Ulvi Lulo, di famiglia di alto prestigio, era venuto ad incontrarmi per
conoscermi nel marzo del ’44 a Pandalejmon. Per giustificare la mia andata dico:
“Sono in convalescenza e vado a ‘peripato’ ”, e Lulo: “Ma sta con me, sta con
me al comando. E mi presenta alla compagnia: “Partisan Petri, partisan shum mir!
(Parigiano Pietro, partigiano eccellente!)”. Mi applaudono e Lulo mi consegna
le chiavi del magazzino e dell’armeria: “sei tu!”Confuso, ho accettato. Il
confine, alla mia destra, era a qualche centinaio di metri e ho avvertito di
essermi messo in un budello senza uscita. Io non potevo tradire la fiducia!
Poi, da Lulo, la notizia dell’agognato rimpatrio con la Gramsci. E inizio un
nuovo percorso con lunghe soste.
La
consistenza di noi partigiani italiani però non è più quella. Con la fine
dell’occupazione una grande quantità di noi, per le precarie quotidiane
condizioni, ha lasciato il proprio battaglione per assumere una nuova attività.

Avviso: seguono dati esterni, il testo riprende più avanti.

(* Let $n\ge2$, $d\ge2$ and $\mathbf{m}=(d-1,1,0,\ldots,0)\in\mathbb{N}^n$ (any $\mathbf{m}$ with $|\mathbf{m}|=d$ and $\max(\mathbf{m})=d-1$ is of this form up to permuting coordinates). Then \[\mathcal{A}_{n,d}\setminus\mathcal{A}_{n,d,\mathbf{m}}=\begin{cases}\{(2s+1,2t+1,0,\ldots,0): s,t\in\mathbb{N}\} & \text{if } d=2,\\ \{(ds-1,1,0,\ldots,0): s\ge1\} & \text{if } d>2.\end{cases}\]
   Context: For $\mathbf{a}\in\mathbb{N}^n$, $|\mathbf{a}|=\sum_i a_i$ and $\max(\mathbf{a})=\max_i a_i$. $T_{n,d}=\{\mathbf{a}\in\mathbb{N}^n:|\mathbf{a}|=d\}$; $\mathcal{A}_{n,d}$ is the (additive) semigroup generated by $T_{n,d}$; for $\mathbf{m}\in T_{n,d}$, $\mathcal{A}_{n,d,\mathbf{m}}$ is the semigroup generated by $T_{n,d}\setminus\{\mathbf{m}\}$. *)

From mathcomp Require Import all_boot.

Unset Strict Implicit.
Unset Printing Implicit Defensive.

Definition vecN (n : nat) := {ffun 'I_n -> nat}.

Definition vnorm1 (n : nat) (a : vecN n) : nat := \sum_(i < n) a i.

Definition vzero (n : nat) : vecN n := [ffun _ => 0].
Definition vadd (n : nat) (a b : vecN n) : vecN n := [ffun i => a i + b i].

(* The additive semigroup generated by a set G of vectors: all finite sums
   of elements of G (the empty sum 0 included; this does not affect the
   set difference considered below since 0 lies in every such semigroup). *)
Inductive in_semigroup (n : nat) (G : vecN n -> Prop) : vecN n -> Prop :=
| sg_zero : in_semigroup n G (vzero n)
| sg_add : forall g a, G g -> in_semigroup n G a -> in_semigroup n G (vadd n g a).

Definition T_nd (n d : nat) (a : vecN n) : Prop := vnorm1 n a = d.

Definition A_nd (n d : nat) : vecN n -> Prop := in_semigroup n (T_nd n d).

Definition A_ndm (n d : nat) (m : vecN n) : vecN n -> Prop :=
  in_semigroup n (fun a => T_nd n d a /\ a <> m).

Definition vec2 (n x y : nat) : vecN n :=
  [ffun i : 'I_n => if nat_of_ord i == 0 then x
                    else if nat_of_ord i == 1 then y else 0].

From mathcomp Require Import all_boot zify.

(* A vector lies in A_{n,d} iff d divides its norm: greedily peel off
   sub-vectors of norm d. The same peeling builds every multiple of d from
   the generators other than m, except the exceptional vectors
   (x, 1, 0, ..., 0) for d > 2, resp. (odd, odd, 0, ..., 0) for d = 2,
   provided each peeled vector differs from m and leaves a non-exceptional
   remainder. Conversely, the generators other than m supported on the
   first two coordinates have second coordinate 0 or at least 2 (d > 2),
   resp. both coordinates even (d = 2), so no sum of them is exceptional. *)

Set Implicit Arguments.
Unset Strict Implicit.
Unset Printing Implicit Defensive.

Section Vectors.
Variable n : nat.
Implicit Types (a b c g : vecN n) (G Q : vecN n -> Prop).

Definition vle a b := forall i, a i <= b i.
Definition vsub a b : vecN n := [ffun i => a i - b i].
Definition vunit (k : 'I_n) (t : nat) : vecN n :=
  [ffun i => if i == k then t else 0].
Definition vset a (k : 'I_n) (t : nat) : vecN n :=
  [ffun i => if i == k then t else a i].

Lemma vnorm1_add a b : vnorm1 n (vadd n a b) = vnorm1 n a + vnorm1 n b.
Proof. by rewrite /vnorm1 -big_split; apply: eq_bigr => i _; rewrite ffunE. Qed.

Lemma vnorm1_zero : vnorm1 n (vzero n) = 0.
Proof. by rewrite /vnorm1 big1 // => i _; rewrite ffunE. Qed.

Lemma vnorm1_unit k t : vnorm1 n (vunit k t) = t.
Proof.
rewrite /vnorm1 (bigD1 k) //= ffunE eqxx big1 ?addn0 // => i /negbTE.
by rewrite ffunE => ->.
Qed.

Lemma vnorm1_set a k t : vnorm1 n (vset a k t) + a k = vnorm1 n a + t.
Proof.
rewrite /vnorm1 (bigD1 k) //= [in RHS](bigD1 k) //= ffunE eqxx.
rewrite (eq_bigr a) => [|i /negbTE]; last by rewrite ffunE => ->.
by rewrite addnC [t + _]addnC addnA.
Qed.

Lemma leq_coord_vnorm1 a i : a i <= vnorm1 n a.
Proof. by rewrite /vnorm1 (bigD1 i) //= leq_addr. Qed.

Lemma vnorm1_eq0 a : vnorm1 n a = 0 -> a = vzero n.
Proof.
move=> a0; apply/ffunP => i; rewrite ffunE.
by apply/eqP; rewrite -leqn0 -a0 leq_coord_vnorm1.
Qed.

Lemma vadd_subKC a b : vle b a -> vadd n b (vsub a b) = a.
Proof. by move=> ba; apply/ffunP => i; rewrite !ffunE subnKC. Qed.

Lemma vnorm1_sub a b : vle b a -> vnorm1 n (vsub a b) = vnorm1 n a - vnorm1 n b.
Proof. by move/vadd_subKC=> {2}<-; rewrite vnorm1_add addKn. Qed.

Lemma vle_between c a k : vle c a -> vnorm1 n c <= k <= vnorm1 n a ->
  exists g, [/\ vle c g, vle g a & vnorm1 n g = k].
Proof.
move=> ca /andP[ck ka]; rewrite -(subnKC ck) in ka *.
elim: (k - _) ka => [|j IHj] ka; first by exists c; rewrite addn0; split=> // i.
have [|g [cg ga ng]] := IHj; first lia.
case: (pickP (fun i => g i < a i)) => [i gai | ag].
  exists (vadd n g (vunit i 1)); split.
  - by move=> x; rewrite !ffunE; apply: leq_trans (cg x) (leq_addr _ _).
  - by move=> x; rewrite !ffunE; case: eqP => [->|_]; rewrite ?addn1 ?addn0.
  - by rewrite vnorm1_add vnorm1_unit ng addn1 addnS.
have: vnorm1 n a <= vnorm1 n g.
  by apply: leq_sum => i _; rewrite leqNgt ag.
lia.
Qed.

Lemma in_semigroup_dvd d G a : (forall g, G g -> d %| vnorm1 n g) ->
  in_semigroup n G a -> d %| vnorm1 n a.
Proof.
move=> Gd; elim=> [|g b Gg _ IHb]; first by rewrite vnorm1_zero.
by rewrite vnorm1_add dvdn_add // Gd.
Qed.

Lemma in_semigroup_peel d G Q : 0 < d ->
  (forall a, d %| vnorm1 n a -> d <= vnorm1 n a -> Q a ->
     exists g, [/\ G g, vle g a, vnorm1 n g = d & Q (vsub a g)]) ->
  forall a, d %| vnorm1 n a -> Q a -> in_semigroup n G a.
Proof.
move=> d0 peel a; have [k] := ubnP (vnorm1 n a).
elim: k a => // k IHk a ak da Qa.
have [/vnorm1_eq0 -> | a0] := posnP (vnorm1 n a); first exact: sg_zero.
have [g [Gg ga gd Qag]] := peel a da (dvdn_leq a0 da) Qa.
rewrite -(vadd_subKC ga); apply: sg_add => //.
apply: IHk Qag; rewrite vnorm1_sub // gd; first lia.
by rewrite dvdn_sub.
Qed.

Lemma A_ndP d a : 0 < d -> A_nd n d a <-> d %| vnorm1 n a.
Proof.
move=> d0; split; first by apply: in_semigroup_dvd => g ->.
move=> da; apply: (@in_semigroup_peel d _ (fun=> True)) => // {da}a _ ad _.
have [||g [_ ga gd]] := @vle_between (vzero n) a d.
- by move=> i; rewrite ffunE.
- by rewrite vnorm1_zero ad.
- by exists g.
Qed.

Lemma A_nd_setminus_A_ndm d m a (exceptional : bool) : 0 < d ->
  (A_ndm n d m a <-> d %| vnorm1 n a /\ ~~ exceptional) ->
  (A_nd n d a /\ ~ A_ndm n d m a <-> d %| vnorm1 n a /\ exceptional).
Proof.
move=> d0 A_ndmP; rewrite (A_ndP _ d0) A_ndmP {A_ndmP}.
by case: exceptional; split=> -[da ex]; split=> //; [case | case: ex].
Qed.

End Vectors.

Section FirstTwoCoordinates.
Variables (n : nat) (hn : 1 < n).
Implicit Types a b g : vecN n.

Let i0 : 'I_n := Ordinal (ltnW hn).
Let i1 : 'I_n := Ordinal hn.

Definition supp2 a := [forall i : 'I_n, (1 < i) ==> (a i == 0)].

Lemma ord_gt1_neq (k : 'I_n) : 1 < k -> (k == i0) = false /\ (k == i1) = false.
Proof. by rewrite -!(inj_eq val_inj) /=; case: (nat_of_ord k) => [|[]]. Qed.

Lemma vec2_i0 x y : vec2 n x y i0 = x.
Proof. by rewrite ffunE. Qed.

Lemma vec2_i1 x y : vec2 n x y i1 = y.
Proof. by rewrite ffunE. Qed.

Lemma vec2_gt1 x y (k : 'I_n) : 1 < k -> vec2 n x y k = 0.
Proof. by rewrite ffunE; case: (nat_of_ord k) => [|[]]. Qed.

Lemma supp2_vec2 x y : supp2 (vec2 n x y).
Proof. by apply/forallP => i; apply/implyP => /(vec2_gt1 x y) ->. Qed.

Lemma supp2_eq a : supp2 a -> a = vec2 n (a i0) (a i1).
Proof.
move=> /forallP a2; apply/ffunP => -[[|[|k]] ik]; rewrite ffunE /=.
- by congr (a _); apply: val_inj.
- by congr (a _); apply: val_inj.
- exact/eqP/(implyP (a2 (Ordinal ik))).
Qed.

Lemma vnorm1_vec2 x y : vnorm1 n (vec2 n x y) = x + y.
Proof.
rewrite /vnorm1 (bigD1 i0) // (bigD1 i1) //= !ffunE /= big1 ?addn0 // => i.
by rewrite ffunE -!(inj_eq val_inj) /=; case: (nat_of_ord i) => [|[]].
Qed.

Lemma vnorm1_supp2 a : supp2 a -> vnorm1 n a = a i0 + a i1.
Proof. by move/supp2_eq=> {1}->; rewrite vnorm1_vec2. Qed.

Lemma supp2_vadd g b : supp2 (vadd n g b) -> supp2 g /\ supp2 b.
Proof.
move=> /forallP gb; split; apply/forallP => i; apply/implyP => lt1i.
all: by have := implyP (gb i) lt1i; rewrite ffunE addn_eq0 => /andP[].
Qed.

Lemma supp2Pn a : ~~ supp2 a -> exists2 k : 'I_n, 1 < k & 0 < a k.
Proof. by move=> /forallPn[k]; rewrite negb_imply -lt0n => /andP[]; exists k. Qed.

(* Vectors outside A_{n,d,m}, up to the divisibility of their norm. *)
Definition exceptional_gt2 a := supp2 a && (a i1 == 1).
Definition exceptional2 a := [&& supp2 a, odd (a i0) & odd (a i1)].

Lemma A_ndm_second_neq1 d a : A_ndm n d (vec2 n d.-1 1) a ->
  supp2 a -> a i1 != 1.
Proof.
elim=> [_|g b [gd gm] _ IHb /supp2_vadd[g2 b2]]; first by rewrite ffunE.
have := vnorm1_supp2 g2; rewrite gd ffunE => gd'.
case: (g i1) gd' (supp2_eq g2) => [|[|k]] gd' g_eq; rewrite ?add0n ?IHb //.
by case: gm; rewrite g_eq; congr vec2; lia.
Qed.

Lemma A_ndm2_even a : A_ndm n 2 (vec2 n 1 1) a ->
  supp2 a -> ~~ odd (a i0) && ~~ odd (a i1).
Proof.
elim=> [_|g b [gd gm] _ IHb /supp2_vadd[g2 b2]]; first by rewrite !ffunE.
have := vnorm1_supp2 g2; rewrite gd => gd'.
have g_even : ~~ odd (g i0) && ~~ odd (g i1).
  case: (g i0) gd' (supp2_eq g2) => [|[|[|k]]] gd' g_eq; try by rewrite /=; lia.
  by case: gm; rewrite g_eq; congr vec2; lia.
rewrite !ffunE !oddD; move: g_even (IHb b2).
by case: (odd (g i0)); case: (odd (g i1)); case: (odd (b i0)); case: (odd (b i1)).
Qed.

Lemma peel_gt2 d a : 2 < d -> d %| vnorm1 n a -> d <= vnorm1 n a ->
  ~~ exceptional_gt2 a -> exists g, [/\ vle g a, vnorm1 n g = d,
    g <> vec2 n d.-1 1 & ~~ exceptional_gt2 (vsub a g)].
Proof.
move=> d2 da ad not_exc.
have [a1 | a1] := eqVneq (a i1) 1.
  have [k k1 ak] : exists2 k : 'I_n, 1 < k & 0 < a k.
    by apply: supp2Pn; apply: contra not_exc => a2; rewrite /exceptional_gt2 a2 a1.
  have [_ k1'] := ord_gt1_neq k1.
  pose c := vadd n (vunit i1 1) (vunit k 1).
  have [||g [cg ga gd]] := @vle_between n c a d.
  - move=> i; rewrite !ffunE; case: eqP => [->|_]; first by rewrite eq_sym k1' a1.
    by case: eqP => [->|]; rewrite ?ak.
  - by rewrite vnorm1_add !vnorm1_unit ad; lia.
  have gi1 : g i1 = 1.
    by have := cg i1; have := ga i1; rewrite !ffunE eqxx eq_sym k1' a1; lia.
  exists g; split=> //.
    by move=> gm; have := cg k; rewrite gm vec2_gt1 // !ffunE k1' eqxx.
  by rewrite /exceptional_gt2 ffunE gi1 a1 andbF.
have [t [ta td dt t1 at1]] : exists t, [/\ t <= a i1, t <= d,
    d + a i1 <= vnorm1 n a + t, t != 1 & a i1 - t != 1].
  have ai1 := leq_coord_vnorm1 a i1.
  have [le_ad | lt_da] := leqP (a i1) d.
    by exists (a i1); split; rewrite ?subnn //; lia.
  have [e | ne] := eqVneq (a i1) d.+1.
    have : d.*2 <= vnorm1 n a by move: ai1; have [[|[|s]] ->] := dvdnP da; rewrite e; nia.
    by exists d.-1; split; apply/eqP || idtac; lia.
  by exists d; split; apply/eqP || idtac; lia.
have [||g [cg ga' gd]] := @vle_between n (vunit i1 t) (vset a i1 t) d.
- by move=> i; rewrite !ffunE; case: eqP.
- by have := vnorm1_set a i1 t; rewrite vnorm1_unit td; lia.
have ga : vle g a.
  by move=> i; apply: leq_trans (ga' i) _; rewrite ffunE; case: eqP => [->|].
have git : g i1 = t by have := cg i1; have := ga' i1; rewrite !ffunE eqxx; lia.
exists g; split=> //.
  by move=> gm; rewrite gm vec2_i1 in git; rewrite -git in t1.
by rewrite /exceptional_gt2 ffunE git (negbTE at1) andbF.
Qed.

Lemma vec2_11 i : i \in [:: i0; i1] -> vec2 n 1 1 i = 1.
Proof. by rewrite !inE => /orP[] /eqP ->; rewrite ffunE. Qed.

Lemma exceptional2_odd b i : i \in [:: i0; i1] -> exceptional2 b -> odd (b i).
Proof. by rewrite !inE => /orP[] /eqP -> /and3P[]. Qed.

Lemma peel2 a : 2 <= vnorm1 n a -> ~~ exceptional2 a ->
  exists g, [/\ vle g a, vnorm1 n g = 2, g <> vec2 n 1 1
    & ~~ exceptional2 (vsub a g)].
Proof.
move=> a2 not_exc.
have peel_at i g : i \in [:: i0; i1] -> g <> vec2 n 1 1 -> vle g a ->
    vnorm1 n g = 2 -> ~~ odd (a i - g i) ->
  exists g, [/\ vle g a, vnorm1 n g = 2, g <> vec2 n 1 1
    & ~~ exceptional2 (vsub a g)].
  move=> i01 gm ga gd ev; exists g; split=> //.
  by apply: contra ev => /(exceptional2_odd i01); rewrite ffunE.
have [/andP[o0 o1] | /nandP ev] := boolP (odd (a i0) && odd (a i1)).
  have [k k1 ak] : exists2 k : 'I_n, 1 < k & 0 < a k.
    by apply: supp2Pn; apply: contra not_exc => a2'; rewrite /exceptional2 a2' o0 o1.
  have [k0 k1'] := ord_gt1_neq k1.
  apply: (peel_at i0 (vadd n (vunit i0 1) (vunit k 1))).
  - by rewrite inE eqxx.
  - by move/(congr1 (fun f : vecN n => f k)); rewrite vec2_gt1 // !ffunE k0 eqxx.
  - move=> i; rewrite !ffunE; case: eqP => [->|_].
      by rewrite eq_sym k0; case: (a i0) o0.
    by case: eqP => [->|].
  - by rewrite vnorm1_add !vnorm1_unit.
  - by rewrite !ffunE eqxx eq_sym k0 oddB ?o0 //; case: (a i0) o0.
have [i i01 ev_i] : exists2 i, i \in [:: i0; i1] & ~~ odd (a i).
  by case: ev; [exists i0 | exists i1]; rewrite ?inE ?eqxx ?orbT.
have [ai0 | ai_pos] := posnP (a i).
  have [||g [_ ga gd]] := @vle_between n (vzero n) a 2.
  - by move=> j; rewrite ffunE.
  - by rewrite vnorm1_zero a2.
  have gi : g i = 0 by apply/eqP; rewrite -leqn0 -ai0 ga.
  apply: (peel_at i g) => //; last by rewrite ai0.
  by move/(congr1 (fun f : vecN n => f i)); rewrite gi vec2_11.
have ai2 : 1 < a i by case: (a i) ai_pos ev_i => [|[]].
apply: (peel_at i (vunit i 2)) => //.
- by move/(congr1 (fun f : vecN n => f i)); rewrite vec2_11 // ffunE eqxx.
- by move=> j; rewrite ffunE; case: eqP => [->|].
- exact: vnorm1_unit.
- by rewrite ffunE eqxx oddB // (negbTE ev_i).
Qed.

Lemma A_ndm_gt2P d a : 2 < d ->
  A_ndm n d (vec2 n d.-1 1) a <-> d %| vnorm1 n a /\ ~~ exceptional_gt2 a.
Proof.
move=> d2; split=> [Aa | [da not_exc]].
  split; first by apply: in_semigroup_dvd Aa => g [->].
  by apply/andP=> -[a2 /eqP a1]; have := A_ndm_second_neq1 Aa a2; rewrite a1.
apply: (@in_semigroup_peel _ d _ (fun b => ~~ exceptional_gt2 b)) da not_exc.
  exact: ltnW (ltnW d2).
move=> b db bd /(peel_gt2 d2 db bd)[g [ga gd gm ex]].
by exists g.
Qed.

Lemma A_ndm2P a :
  A_ndm n 2 (vec2 n 1 1) a <-> 2 %| vnorm1 n a /\ ~~ exceptional2 a.
Proof.
split=> [Aa | [da not_exc]].
  split; first by apply: in_semigroup_dvd Aa => g [->].
  apply/and3P=> -[a2 o0 o1]; have := A_ndm2_even Aa a2.
  by rewrite o0 o1.
apply: (@in_semigroup_peel _ 2 _ (fun b => ~~ exceptional2 b)) da not_exc => //.
by move=> b _ b2 /(peel2 b2)[g [ga gd gm ex]]; exists g.
Qed.

Lemma exceptional_gt2_vec2 d a : 2 < d ->
  d %| vnorm1 n a /\ exceptional_gt2 a <->
  exists s, 1 <= s /\ a = vec2 n (d * s - 1) 1.
Proof.
move=> d2; split=> [[da /andP[a2 /eqP a1]] | [s [s1 ->]]].
  have [s es] := dvdnP da; rewrite (vnorm1_supp2 a2) a1 mulnC in es.
  exists s; split; first by case: s es => [|s]; rewrite ?muln0 ?addn1.
  by rewrite (supp2_eq a2) a1 -es addnK.
have ds : 0 < d * s by rewrite muln_gt0 s1 andbT; apply: ltnW (ltnW d2).
by rewrite vnorm1_vec2 subnK // dvdn_mulr //= /exceptional_gt2 supp2_vec2 vec2_i1.
Qed.

Lemma exceptional2_vec2 a :
  2 %| vnorm1 n a /\ exceptional2 a <->
  exists s t, a = vec2 n (2 * s + 1) (2 * t + 1).
Proof.
split=> [[_ /and3P[a2 o0 o1]] | [s [t ->]]].
  exists (a i0)./2, (a i1)./2; rewrite {1}(supp2_eq a2).
  rewrite -{1}(odd_double_half (a i0)) -{1}(odd_double_half (a i1)) o0 o1.
  by rewrite -!muln2 !addn1 !(mulnC 2).
rewrite vnorm1_vec2 /exceptional2 supp2_vec2 vec2_i0 vec2_i1.
by rewrite dvdn2 !oddD /= !addbF !addbb.
Qed.

End FirstTwoCoordinates.

Theorem lemma2p18 (n d : nat) (hn : 2 <= n) (hd : 2 <= d) (a : vecN n) :
  (A_nd n d a /\ ~ A_ndm n d (vec2 n d.-1 1) a) <->
  (if d == 2
   then exists s t : nat, a = vec2 n (2 * s + 1) (2 * t + 1)
   else exists s : nat, 1 <= s /\ a = vec2 n (d * s - 1) 1).
Proof.
case: ifP => [/eqP d2 | /negbT d_neq2].
  subst d; apply: iff_trans (exceptional2_vec2 hn a).
  exact: A_nd_setminus_A_ndm (A_ndm2P hn a).
have d2 : 2 < d by rewrite ltn_neqAle eq_sym d_neq2.
apply: iff_trans (exceptional_gt2_vec2 hn a d2).
exact: A_nd_setminus_A_ndm (ltnW (ltnW d2)) (A_ndm_gt2P hn a d2).
Qed.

I rimasti furono avviati al Battaglione “Gramsci”, divenuto, per il continuo afflusso, Brigata e
poi Divisione. Mi presento; sorpresa. “Complimenti” mi dicono, “abbiamo appena fatto un
organigramma con quanti hanno avuto un particolare ruolo…” Interrompo: “Non vi
preoccupate, a me interessa andare in Italia”. E ho trovato tutta la Divisione vestita a
nuovo con divise inglesi mentre io con qualche altro indosso gli stracci che
testimoniavano la povertà di noi italiani, stracci che ancora conservo. E da
Durazzo, il 30 maggio 1945,
in 2.500 armati, siamo sbarcati a Taranto e ricevuti con
distacco come prezzolati senza onore.
Noi
in terra straniera mai abbiamo abdicato all’onore e alla bandiera: siamo
rimasti sempre Soldati, e da Soldati ci attendevamo di essere accolti con
fanfara e bandiere. Che delusione! Mortificati e offesi.Nel porto troviamo un
colonnello, da cui ci attendevamo un saluto e una delegazione dell’ U.D.I. che
distribuisce a tutti 3 fichi secchi e un giornale che auspica un “passaggio” di
Trieste a Tito.
Col
ritorno in Patria si era interrotto ogni rapporto con l’ Albania.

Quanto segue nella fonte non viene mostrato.